** TASK TO COMPLETE **
Your answer must be the records below, printed exactly.

[Collected data]
*** Begin section ***
(* Assume that $\delta=\delta_1\cdots\delta_m$ is a permutation of length $m$ and $\pi=\pi_1\cdots\pi_n$ is a permutation of length $n$, disjoint from each other, where $\mathrm{des}(\delta) = r$ and $\mathrm{des}(\pi) = s$. Moreover, $\delta_1<\delta_2$ and all of the elements of $\delta$ are larger than the elements of $\pi$. Then \begin{align*} (1)\quad & \sum_{\substack{\alpha \in \mathrm{Sh}_l(\pi,\delta) \\ \mathrm{des}(\alpha) = d}} q^{\mathrm{maj}(\alpha)}= {m-r+s \brack d-r} {n-s+r-1\brack d-s-1} q^{\mathrm{maj}(\delta) + \mathrm{maj}(\pi) + (d - s)(d - r)}, \\ (2)\quad & \sum_{\substack{\alpha \in \mathrm{Sh}_{ls}(\pi,\delta) \\ \mathrm{des}(\alpha) = d}} q^{\mathrm{maj}(\alpha)}= {m-r+s-1 \brack d-r} {n-s+r-1\brack d-s-1} q^{\mathrm{maj}(\delta) + \mathrm{maj}(\pi) + (d - s)(d - r)}, \\ (3)\quad & \sum_{\substack{\alpha \in \mathrm{Sh}_{ll}(\pi,\delta) \\ \mathrm{des}(\alpha) = d}} q^{\mathrm{maj}(\alpha)}= {m-r+s-1 \brack d-r} {n-s+r-1\brack d-s-1} q^{\mathrm{maj}(\delta) + \mathrm{maj}(\pi) + (d- s+1)(d - r)}. \end{align*}
   Context: A permutation of length $n$ here means a sequence of $n$ distinct integers (not necessarily $1,\dots,n$); two permutations are disjoint if they have no letters in common. For $\alpha=\alpha_1\cdots\alpha_n$, $\mathrm{Des}(\alpha)=\{i: \alpha_i>\alpha_{i+1}\}$, $\mathrm{des}(\alpha)=|\mathrm{Des}(\alpha)|$ and $\mathrm{maj}(\alpha)=\sum_{i\in\mathrm{Des}(\alpha)} i$. The Gaussian polynomial is ${n \brack m}=\frac{(1-q^n)(1-q^{n-1})\cdots (1-q^{n-m+1})}{(1-q^m)(1-q^{m-1})\cdots (1-q)}$. For disjoint permutations $\pi=\pi_1\cdots\pi_n$ and $\delta=\delta_1\cdots\delta_m$, a shuffle of $\pi$ and $\delta$ is a permutation $\alpha=\alpha_1\cdots\alpha_{m+n}$ containing both $\pi$ and $\delta$ as subsequences. $\mathrm{Sh}_l(\pi,\delta)$ is the set of shuffles with $\alpha_1=\delta_1$; $\mathrm{Sh}_{ls}(\pi,\delta)$ is the set of shuffles with $\alpha_1=\delta_1$ and $\alpha_{n+m}=\delta_m$ (the last letter of $\delta$); $\mathrm{Sh}_{ll}(\pi,\delta)$ is the set of shuffles with $\alpha_1=\delta_1$ and $\alpha_2=\delta_2$. *)

From HB Require Import structures.
From mathcomp Require Import all_boot all_order all_algebra.
Set Implicit Arguments. Unset Strict Implicit. Unset Printing Implicit Defensive.
Import Order.TTheory GRing.Theory Num.Theory.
*** End section ***
** SOLUTION **
(* Assume that $\delta=\delta_1\cdots\delta_m$ is a permutation of length $m$ and $\pi=\pi_1\cdots\pi_n$ is a permutation of length $n$, disjoint from each other, where $\mathrm{des}(\delta) = r$ and $\mathrm{des}(\pi) = s$. Moreover, $\delta_1<\delta_2$ and all of the elements of $\delta$ are larger than the elements of $\pi$. Then \begin{align*} (1)\quad & \sum_{\substack{\alpha \in \mathrm{Sh}_l(\pi,\delta) \\ \mathrm{des}(\alpha) = d}} q^{\mathrm{maj}(\alpha)}= {m-r+s \brack d-r} {n-s+r-1\brack d-s-1} q^{\mathrm{maj}(\delta) + \mathrm{maj}(\pi) + (d - s)(d - r)}, \\ (2)\quad & \sum_{\substack{\alpha \in \mathrm{Sh}_{ls}(\pi,\delta) \\ \mathrm{des}(\alpha) = d}} q^{\mathrm{maj}(\alpha)}= {m-r+s-1 \brack d-r} {n-s+r-1\brack d-s-1} q^{\mathrm{maj}(\delta) + \mathrm{maj}(\pi) + (d - s)(d - r)}, \\ (3)\quad & \sum_{\substack{\alpha \in \mathrm{Sh}_{ll}(\pi,\delta) \\ \mathrm{des}(\alpha) = d}} q^{\mathrm{maj}(\alpha)}= {m-r+s-1 \brack d-r} {n-s+r-1\brack d-s-1} q^{\mathrm{maj}(\delta) + \mathrm{maj}(\pi) + (d- s+1)(d - r)}. \end{align*}
   Context: A permutation of length $n$ here means a sequence of $n$ distinct integers (not necessarily $1,\dots,n$); two permutations are disjoint if they have no letters in common. For $\alpha=\alpha_1\cdots\alpha_n$, $\mathrm{Des}(\alpha)=\{i: \alpha_i>\alpha_{i+1}\}$, $\mathrm{des}(\alpha)=|\mathrm{Des}(\alpha)|$ and $\mathrm{maj}(\alpha)=\sum_{i\in\mathrm{Des}(\alpha)} i$. The Gaussian polynomial is ${n \brack m}=\frac{(1-q^n)(1-q^{n-1})\cdots (1-q^{n-m+1})}{(1-q^m)(1-q^{m-1})\cdots (1-q)}$. For disjoint permutations $\pi=\pi_1\cdots\pi_n$ and $\delta=\delta_1\cdots\delta_m$, a shuffle of $\pi$ and $\delta$ is a permutation $\alpha=\alpha_1\cdots\alpha_{m+n}$ containing both $\pi$ and $\delta$ as subsequences. $\mathrm{Sh}_l(\pi,\delta)$ is the set of shuffles with $\alpha_1=\delta_1$; $\mathrm{Sh}_{ls}(\pi,\delta)$ is the set of shuffles with $\alpha_1=\delta_1$ and $\alpha_{n+m}=\delta_m$ (the last letter of $\delta$); $\mathrm{Sh}_{ll}(\pi,\delta)$ is the set of shuffles with $\alpha_1=\delta_1$ and $\alpha_2=\delta_2$. *)

From HB Require Import structures.
From mathcomp Require Import all_boot all_order all_algebra.
Set Implicit Arguments. Unset Strict Implicit. Unset Printing Implicit Defensive.
Import Order.TTheory GRing.Theory Num.Theory.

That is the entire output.